The parser is going to report, “Sorry, mate, I couldn’t build an AST. I
got as far as about the end of line five before I reached a point where
I couldn’t match the input. You know what, I could have kept going if
there’d been a “;” there.”

Critically for this discussion, observe that the parser didn’t encounter
any kind of exceptional circumstance. It wasn’t prevented in anyway from
completing its function. No error has occurred. The input doesn’t match
the grammar for Java, but that’s a common and completely expected
result. (If you don’t think that’s common, just watch me writing Java.)

We aren’t going to make the meaning of the word “error” any clearer or
more precise by trying to make it do double duty. Asserting that failing
to find a parse is “an error” reduces the value of the word “error” as a
technical term.

The *user* can still be told than an error occurred. That’s fine.

But the ixml CG is mostly focused on the part of a larger program that
turns input grammars into vxml. Given a valid ixml grammar, discovering
that the input doesn’t match the grammar simply isn’t “an error”. It’s a
common and completely expected result.

One could imagine a Java compiler that would stick the semicolon in and
then hand the input back to the parser to try again. It might get
further this time, until a different grammar matching dead end, or even
until it succeeds.

That’s just completely different from an I/O error reading the file.

These kinds of subtle distinctions are useful to make specification
language clear and precise.

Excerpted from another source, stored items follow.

Definition rect := ((R * R) * (R * R))%type.
Definition in_rect (r : rect) (p : R * R) : Prop :=
  let '((x1, y1), (x2, y2)) := r in x1 <= fst p <= y1 /\ x2 <= snd p <= y2.
Definition rect_mass (b1 c1 b2 c2 : R) (r : rect) : R :=
  let '((x1, y1), (x2, y2)) := r in lap_mass b1 c1 x1 y1 * lap_mass b2 c2 x2 y2.

Definition is_lower_bound (E : R -> Prop) (m : R) : Prop := forall x, E x -> m <= x.
Definition is_glb (E : R -> Prop) (m : R) : Prop :=
  is_lower_bound E m /\ forall m', is_lower_bound E m' -> m' <= m.

(* infimum of a set of reals (0 if it has none; it always exists below). *)
Definition inf_R (E : R -> Prop) : R :=
  match excluded_middle_informative (exists l, is_glb E l) with
  | left h => proj1_sig (constructive_indefinite_description _ h)
  | right _ => 0
  end.

(* Probability that (c1+Z1, c2+Z2) lies in A: the (outer) measure obtained by
   covering A with countably many rectangles (Caratheodory extension of the
   product measure; agrees with the probability on all Borel sets). *)
Definition prob2 (b1 c1 b2 c2 : R) (A : R * R -> Prop) : R :=
  inf_R (fun s => exists r : nat -> rect,
           (forall p, A p -> exists m, in_rect (r m) p) /\
           infinite_sum (fun m => rect_mass b1 c1 b2 c2 (r m)) s).

Definition R3 := (R * R * R)%type.
Inductive borel3 : (R3 -> Prop) -> Prop :=
  | borel3_box : forall a1 b1 a2 b2 a3 b3 : R,
      borel3 (fun p => let '(x, y, z) := p in
                a1 < x < b1 /\ a2 < y < b2 /\ a3 < z < b3)
  | borel3_compl : forall A, borel3 A -> borel3 (fun p => ~ A p)
  | borel3_union : forall A : nat -> R3 -> Prop,
      (forall m, borel3 (A m)) -> borel3 (fun p => exists m, A m p)
  | borel3_ext : forall A B, borel3 A -> (forall p, A p <-> B p) -> borel3 B.

Definition b_SSA (eps : R) (n : nat) : R := (9 + 5 / INR n) / (eps / 2).
Definition b_SSE (eps : R) : R := 7 / (eps / 2).

(* output on noisy values (a, e) = (SSA^, SSE^) *)
Definition output (k n : nat) (a e : R) : R3 :=
  ((a / INR (k - 1)) / (e / INR (n - k)), a, e).

Definition prob_alg (eps : R) (k n : nat) (D : db) (S : R3 -> Prop) : R :=
  prob2 (b_SSA eps n) (SSA k D) (b_SSE eps) (SSE k D)
        (fun p => S (output k n (fst p) (snd p))).

(** The Laplace density satisfies lap_pdf b (t - c) <= exp (|c - c'| / b) * lap_pdf b (t - c'),
    a pointwise bound that survives integration over rectangles and then the
    infimum over countable rectangle covers defining [prob2]; so shifting the
    centres of the two noises by d1, d2 costs a factor exp (d1 / b1 + d2 / b2)
    on every set, measurable or not.  With
    F(L) = (Σ L)² / |L|, the classical identities SSE = Σ y² - Σ_i F(group i)
    and SSA = Σ_i F(group i) - F(all responses) hold, and adding one response
    in [0,1] to a list of such responses moves F by at most 1.  Since both
    statistics are invariant under reordering rows, neighbours can be taken to
    be r :: C and r' :: C; comparing each with C shows that SSE moves by at
    most 3 and SSA by at most 4, and 4 / b_SSA + 3 / b_SSE <= ε. *)

From Stdlib Require Import Reals Lra Lia List Permutation Classical ClassicalEpsilon.
Open Scope R_scope.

If you lump everything that could possibly
go wrong under the term “error”, then “error” becomes less meaningful.

Again, this has nothing directly to do with what the user is told by the
program they were running.

To take a completely different example, consider

    System.out.println(Long.MAX_VALUE + 1);

If the answer -9223372036854775808 surprises you, you might say “that’s
an error!” But it isn’t. It simply isn’t. It’s a consequence of how
two’s complement numbers are stored in 64 bit blocks and what happens
when numeric overflow occurs.

Hoping that helps.

                                        Be seeing you,
                                          norm

--
Norm Tovey-Walsh
Saxonica

Received on Monday, 7 February 2022 07:43:39 UTC